■ Work to be completed ■
Lift every line from the entries that includes the word "levels".

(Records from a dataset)
== Segment start ==

(* $\mathscr X$ is a compact subset of $C[0,1]$ with respect to the topology of uniform convergence.
   Context: The Faber--Schauder functions are $e_{0,0}(t):=(\min\{t,1-t\})^+$ and $e_{m,k}(t):=2^{-m/2}e_{0,0}(2^m t-k)$ for $t\in\mathbb R$, $m\ge1$, $k\in\mathbb Z$. $\mathscr X$ denotes the set of all functions $x\in C[0,1]$ of the form $x=\sum_{m=0}^\infty\sum_{k=0}^{2^m-1}\theta_{m,k}e_{m,k}$ (uniformly convergent series) with $\theta_{m,k}\in\{-1,+1\}$. *)

From HB Require Import structures.
From mathcomp Require Import all_boot all_order all_algebra.
From mathcomp Require Import all_classical all_reals all_analysis.
Set Implicit Arguments. Unset Strict Implicit. Unset Printing Implicit Defensive.
Import Order.TTheory GRing.Theory Num.Theory.
Import numFieldNormedType.Exports.
Local Open Scope classical_set_scope.
Local Open Scope ring_scope.

Definition e00 {R : realType} (t : R) : R := Num.max (Num.min t (1 - t)) 0.

Definition fs {R : realType} (m k : nat) (t : R) : R :=
  (2 : R) `^ (- (m%:R / 2)) * e00 ((2 : R) ^+ m * t - k%:R).

Definition fs_partial {R : realType} (theta : nat -> nat -> R) (N : nat) (t : R) : R :=
  \sum_(m < N) \sum_(k < 2 ^ m) theta m k * fs m k t.

(* The set \mathscr X: functions x of the form sum_m sum_{k<2^m} theta_{m,k} e_{m,k}
   with theta in {-1,+1}, the series converging uniformly (here: on all of R,
   which determines x everywhere; all e_{m,k} with 0<=k<2^m vanish off [0,1]),
   and x continuous on [0,1]. *)
Definition FS_set {R : realType} : set (R -> R) :=
  [set x | exists theta : nat -> nat -> R,
     (forall m k, theta m k = 1 \/ theta m k = -1) /\
     {uniform, fs_partial theta @ \oo --> x} /\
     {within `[0, 1], continuous x}].

(* Index sign arrays by the Cantor space {0,1}^N. On level m the functions
   e_{m,k}, 0 <= k < 2^m, have disjoint supports and are bounded by 2^{-m/2},
   so for any coefficients in [-1,1] the level sums are bounded by q^m with
   q = 2^{-1/2} < 1 and the series converges uniformly, the remainder after N
   levels being at most q^N/(1-q). Two sign arrays agreeing on the first N
   levels therefore have sums at uniform distance at most 2q^N/(1-q): the sum
   map is continuous on the compact Cantor space, and X is its image. *)

From HB Require Import structures.
From mathcomp Require Import all_boot all_order all_algebra.
From mathcomp Require Import all_classical all_reals all_analysis.
From mathcomp Require Import ring lra.
Import Order.TTheory GRing.Theory Num.Theory.
Import numFieldNormedType.Exports.
Local Open Scope classical_set_scope.
Local Open Scope ring_scope.

Section FaberSchauder.
Variable R : realType.
Implicit Types (th : nat -> nat -> R) (t u : R).

Lemma e00_ge0 t : 0 <= e00 t.
Proof. by rewrite /e00 le_max lexx orbT. Qed.

Lemma e00_le1 t : e00 t <= 1.
Proof.
rewrite /e00 ge_max ler01 andbT ge_min.
by apply/orP; case: (leP t 1) => ?; [left|right]; lra.
Qed.

Lemma e00_eq0 t : t <= 0 \/ 1 <= t -> e00 t = 0.
Proof.
move=> ht; apply: max_r; rewrite ge_min.
by apply/orP; case: ht => ?; [left|right]; lra.
Qed.

Lemma e00_neq0 t : e00 t != 0 -> 0 < t < 1.
Proof.
apply: contraNT; rewrite negb_and -!leNgt => /orP ht.
by apply/eqP/e00_eq0; case: ht; [left|right].
Qed.

Lemma e00_shift_support u (j k : nat) :
  e00 (u - j%:R) != 0 -> e00 (u - k%:R) != 0 -> j = k.
Proof.
move=> /e00_neq0/andP[? ?] /e00_neq0/andP[? ?].
by apply/anti_leq/andP; split; rewrite -ltnS -(ltr_nat R) -natr1; lra.
Qed.

Lemma e00_continuous : continuous (@e00 R).
Proof.
move=> t; apply: (@continuous_max _ _ (fun t => Num.min t (1 - t)) (cst 0));
  last exact: cst_continuous.
apply: (@continuous_min _ _ id (fun t => 1 - t)); first exact: cvg_id.
by apply: cvgB; [exact: cvg_cst | exact: cvg_id].
Qed.

Definition fs_ratio : R := 2 `^ (- 2^-1).

Lemma fs_ratio_gt0 : 0 < fs_ratio.
Proof. exact: powR_gt0. Qed.

Lemma powR_fs_ratio m : (2 : R) `^ (- (m%:R / 2)) = fs_ratio ^+ m.
Proof.
rewrite /fs_ratio -powR_mulrn ?powR_ge0 // -powRrM.
by congr (_ `^ _); rewrite mulNr mulrC.
Qed.

Lemma fs_ratio_lt1 : fs_ratio < 1.
Proof.
rewrite -(expr_lt1 (n := 2)) ?(ltW fs_ratio_gt0) // -powR_fs_ratio divff ?pnatr_eq0 //.
by rewrite powR_inv1 // invf_lt1 // ltr1n.
Qed.

Lemma fs_scale m k t : fs m k t = fs_ratio ^+ m * e00 (2 ^+ m * t - k%:R).
Proof. by rewrite /fs powR_fs_ratio. Qed.

Lemma fs_continuous m k : continuous (@fs R m k).
Proof.
move=> t; apply: (@continuousM _ _ (cst _) (fun t => e00 (2 ^+ m * t - k%:R))).
  exact: cst_continuous.
apply: (continuous_comp _ (e00_continuous _)).
by apply: cvgB; [apply: cvgM; [exact: cvg_cst | exact: cvg_id] | exact: cvg_cst].
Qed.

Lemma fs_partial_continuous th N : continuous (fs_partial th N).
Proof.
apply: continuous_big => [|m _]; first exact: add_continuous.
apply: continuous_big => [|k _]; first exact: add_continuous.
move=> t; apply: (@continuousM _ _ (cst (th m k)) (fs m k)).
  exact: cst_continuous.
exact: fs_continuous.
Qed.

Definition fs_level th m t := \sum_(k < 2 ^ m) th m k * fs m k t.

Lemma fs_level_bound th m t :
  (forall k, `|th m k| <= 1) -> `|fs_level th m t| <= fs_ratio ^+ m.
Proof.
move=> th_le1; set u := 2 ^+ m * t.
have q_ge0 : 0 <= fs_ratio ^+ m by rewrite exprn_ge0 // ltW // fs_ratio_gt0.
have term0 (j : 'I_(2 ^ m)) : e00 (u - j%:R) = 0 -> th m j * fs m j t = 0.
  by rewrite fs_scale => ->; rewrite !mulr0.
(* The supports ]k 2^-m, (k+1) 2^-m[ are disjoint: at most one term is nonzero. *)
have [[k k_supp]|no_supp] := pselect (exists k : 'I_(2 ^ m), e00 (u - k%:R) != 0).
- rewrite /fs_level (bigD1 k) //= big1 ?addr0 => [|j j_neq_k]; last first.
    apply: term0; apply: contraNeq j_neq_k => j_supp.
    by apply/eqP/val_inj; exact: e00_shift_support j_supp k_supp.
  rewrite normrM -[leRHS]mul1r ler_pM // fs_scale normrM ger0_norm //.
  by rewrite ger0_norm ?e00_ge0 // ler_piMr // e00_le1.
- rewrite /fs_level big1 ?normr0 // => j _; apply: term0.
  by apply: contra_notP no_supp => /eqP j_supp; exists j.
Qed.

Lemma sumr_geometric_tail (K : comPzRingType) (q : K) a b : (a <= b)%N ->
  \sum_(a <= m < b) q ^+ m * (1 - q) = q ^+ a - q ^+ b.
Proof.
move=> ab; rewrite -[RHS]opprB -(telescope_sumr (GRing.exp q) ab) -sumrN.
by apply: eq_bigr => m _; rewrite exprS opprB mulrBr mulr1 mulrC.
Qed.

Definition fs_tail N : R := fs_ratio ^+ N / (1 - fs_ratio).

Lemma fs_tail_ge0 N : 0 <= fs_tail N.
Proof. by rewrite divr_ge0 ?exprn_ge0 ?subr_ge0 ?ltW ?fs_ratio_gt0 ?fs_ratio_lt1. Qed.

Lemma fs_tail_lt {e : R} : 0 < e -> \forall N \near \oo, fs_tail N < e.
Proof.
move=> e_gt0; have q_lt1 : `|fs_ratio| < 1.
  by rewrite ger0_norm ?fs_ratio_lt1 // ltW // fs_ratio_gt0.
have /cvgrPdist_lt/(_ e e_gt0) := cvg_geometric (1 - fs_ratio)^-1 q_lt1.
apply: filterS => N /=; rewrite sub0r normrN mulrC; exact: le_lt_trans (ler_norm _).
Qed.



Lemma fs_partial_subn th a b t : (a <= b)%N ->
  fs_partial th b t - fs_partial th a t = \sum_(a <= m < b) fs_level th m t.
Proof.
move=> ab; rewrite /fs_partial -!(big_mkord xpredT (fun m => fs_level th m t)).
by rewrite (@big_cat_nat _ _ _ a 0 b) //= addrAC subrr add0r.
Qed.

Definition fs_sum th t := limn (fun N => fs_partial th N t).

Lemma fs_sum_unique th (x : R -> R) :
  {uniform, fs_partial th @ \oo --> x} -> x = fs_sum th.
Proof.
move=> th_x; apply/funext => t; apply/esym/cvg_lim => //.
have : {uniform [set t], fs_partial th @ \oo --> x} by exact: uniform_subset_cvg th_x.
by rewrite uniform_set1.
Qed.

Section BoundedCoefficients.
Variable th : nat -> nat -> R.
Hypothesis th_le1 : forall m k, `|th m k| <= 1.

Lemma fs_level_tail_bound a b t :
  `|\sum_(a <= m < b) fs_level th m t| <= fs_tail a.
Proof.
have [ba|ab] := leqP b a; first by rewrite big_geq // normr0 fs_tail_ge0.
apply: le_trans (ler_norm_sum _ _ _) _.
apply: le_trans (_ : \sum_(a <= m < b) fs_ratio ^+ m <= _).
  by apply: ler_sum => m _; apply: fs_level_bound.
have q1_gt0 : 0 < 1 - fs_ratio by rewrite subr_gt0 fs_ratio_lt1.
rewrite /fs_tail ler_pdivlMr // mulr_suml sumr_geometric_tail; last exact: ltnW.
by rewrite lerBlDr lerDl exprn_ge0 // ltW // fs_ratio_gt0.
Qed.

Lemma fs_partial_cvg t : cvgn (fun N => fs_partial th N t).
Proof.
have -> : (fun N => fs_partial th N t) = series (fs_level th ^~ t).
  by apply/funext => N; rewrite /series /= big_mkord.
apply/cauchy_cvgP/cauchy_seriesP => e e_gt0.
have [N _ tail_lt] := fs_tail_lt e_gt0.
exists ([set n | (N <= n)%N], setT) => //=; first by split => //; exists N.
move=> [a b] [/= Na _].
exact: le_lt_trans (fs_level_tail_bound a b t) (tail_lt _ Na).
Qed.

Lemma fs_sum_partial_dist N t : `|fs_sum th t - fs_partial th N t| <= fs_tail N.
Proof.
apply: (cvgr_to_le (F := \oo) (f := fun M => `|fs_partial th M t - fs_partial th N t|)).
  by apply: cvg_norm; apply: cvgB; [exact: fs_partial_cvg | exact: cvg_cst].
near=> M; rewrite fs_partial_subn; first exact: fs_level_tail_bound.
by near: M; exact: (nbhs_infty_ge N).
Unshelve. all: by end_near.
Qed.

Lemma fs_partial_cvg_uniform : {uniform, fs_partial th @ \oo --> fs_sum th}.
Proof.
move=> P /uniform_nbhs [E [entE sub]].
move: entE; rewrite -entourage_ballE => -[e /= e_gt0 he].
apply: filterS (fs_tail_lt e_gt0) => N tail_lt; apply: sub => t _; apply: he => /=.
by rewrite -ball_normE /=; exact: le_lt_trans (fs_sum_partial_dist N t) tail_lt.
Qed.

Lemma fs_sum_continuous : continuous (fs_sum th).
Proof.
apply: (uniform_limit_continuous _ _ fs_partial_cvg_uniform).
have : \forall N \near \oo, continuous (fs_partial th N).
  by apply: nearW => N; exact: fs_partial_continuous.
by [].
Qed.

End BoundedCoefficients.

Lemma eq_fs_partial th th' N :
  (forall (m : 'I_N) (k : 'I_(2 ^ m)), th m k = th' m k) ->
  fs_partial th N = fs_partial th' N.
Proof.
move=> eq_th; apply/funext => t.
by apply: eq_bigr => m _; apply: eq_bigr => k _; rewrite eq_th.
Qed.

Lemma fs_sum_dist th th' N t :
  (forall m k, `|th m k| <= 1) -> (forall m k, `|th' m k| <= 1) ->
  (forall (m : 'I_N) (k : 'I_(2 ^ m)), th m k = th' m k) ->
  `|fs_sum th t - fs_sum th' t| <= fs_tail N + fs_tail N.
Proof.
move=> th_le1 th'_le1 /eq_fs_partial eqN.
have -> : fs_sum th t - fs_sum th' t =
    (fs_sum th t - fs_partial th N t) - (fs_sum th' t - fs_partial th' N t).
  by rewrite eqN; ring.
by apply: le_trans (ler_normB _ _) (lerD _ _); exact: fs_sum_partial_dist.
Qed.

(* For 0 <= k < 2^m the indices 2^m + k enumerate the positive integers once. *)
Definition cantor_sign (b : cantor_space) m k : R := if b (2 ^ m + k)%N then 1 else -1.

Lemma cantor_sign_le1 b m k : `|cantor_sign b m k| <= 1.
Proof. by rewrite /cantor_sign; case: ifP; rewrite ?normrN normr1. Qed.

Lemma dyadic_index_lt m k N : (m < N)%N -> (k < 2 ^ m)%N -> (2 ^ m + k < 2 ^ N)%N.
Proof.
move=> mN km; apply: (@leq_trans (2 ^ m.+1)); last by rewrite leq_exp2l.
by rewrite expnS mul2n -addnn ltn_add2l.
Qed.

Lemma cantor_sign_onto th : (forall m k, th m k = 1 \/ th m k = -1) ->
  exists b, forall m (k : 'I_(2 ^ m)), cantor_sign b m k = th m k.
Proof.
move=> th_pm; exists (fun i => th (trunc_log 2 i) (i - 2 ^ trunc_log 2 i)%N == 1) => m k.
rewrite /cantor_sign /=; have -> : trunc_log 2 (2 ^ m + k) = m.
  by apply: trunc_log_eq => //; rewrite leq_addr dyadic_index_lt.
by rewrite addKn; case: (th_pm m k) => ->; case: eqP => // /eqP; lra.
Qed.

Lemma cantor_sign_near b N : \forall c \near b,
  forall (m : 'I_N) (k : 'I_(2 ^ m)), cantor_sign c m k = cantor_sign b m k.
Proof.
have coord_near (i : 'I_(2 ^ N)) : \forall c \near b, c (i : nat) = b i.
  exact: (@proj_continuous nat (fun=> bool) i b [set b i] (discrete_set1 _)).
apply: filterS (filter_forall _ coord_near) => c cb m k.
by rewrite /cantor_sign (cb (Ordinal (dyadic_index_lt _ _ _ (ltn_ord m) (ltn_ord k)))).
Qed.

Definition fs_of_cantor (b : cantor_space) : {uniform` `[(0 : R), 1] -> R} :=
  fs_sum (cantor_sign b).

Lemma fs_of_cantor_continuous : continuous fs_of_cantor.
Proof.
move=> b P /uniform_nbhs [E [entE sub]].
move: entE; rewrite -entourage_ballE => -[e /= e_gt0 he].
have [N _ tail_lt] := fs_tail_lt (divr_gt0 e_gt0 (ltr0n R 2)).
apply: filterS (cantor_sign_near b N) => c cb; apply: sub => t _; apply: he => /=.
rewrite -ball_normE /= [e]splitr.
apply: le_lt_trans (fs_sum_dist _ _ N t (cantor_sign_le1 b) (cantor_sign_le1 c) _) _.
  by move=> m k; rewrite cb.
by have := tail_lt _ (leqnn N); rewrite /= => ?; rewrite ltrD.
Qed.

Lemma FS_set_image :
  (FS_set : set {uniform` `[(0 : R), 1] -> R}) = fs_of_cantor @` setT.
Proof.
apply/seteqP; split => [x [th [th_pm [th_x _]]] | _ [b _ <-]].
- have [b b_th] := cantor_sign_onto _ th_pm.
  have eq_partial : fs_partial th = fs_partial (cantor_sign b).
    by apply/funext => N; apply: eq_fs_partial => m k; rewrite b_th.
  rewrite eq_partial in th_x; exists b => //.
  exact/esym/fs_sum_unique.
- exists (cantor_sign b); split.
    by move=> m k; rewrite /cantor_sign; case: ifP; [left|right].
  split; first exact/fs_partial_cvg_uniform/cantor_sign_le1.
  exact/continuous_subspaceT/fs_sum_continuous/cantor_sign_le1.
Qed.

End FaberSchauder.

Theorem corollary2p5 (R : realType) :
  compact (FS_set : set {uniform` `[(0 : R), 1]%classic -> R}).
Proof.
rewrite FS_set_image; apply: continuous_compact; last exact: cantor_space_compact.
exact/continuous_subspaceT/fs_of_cantor_continuous.
Qed.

== Segment end ==

■ Exercise response ■
   levels being at most q^N/(1-q). Two sign arrays agreeing on the first N
   levels therefore have sums at uniform distance at most 2q^N/(1-q): the sum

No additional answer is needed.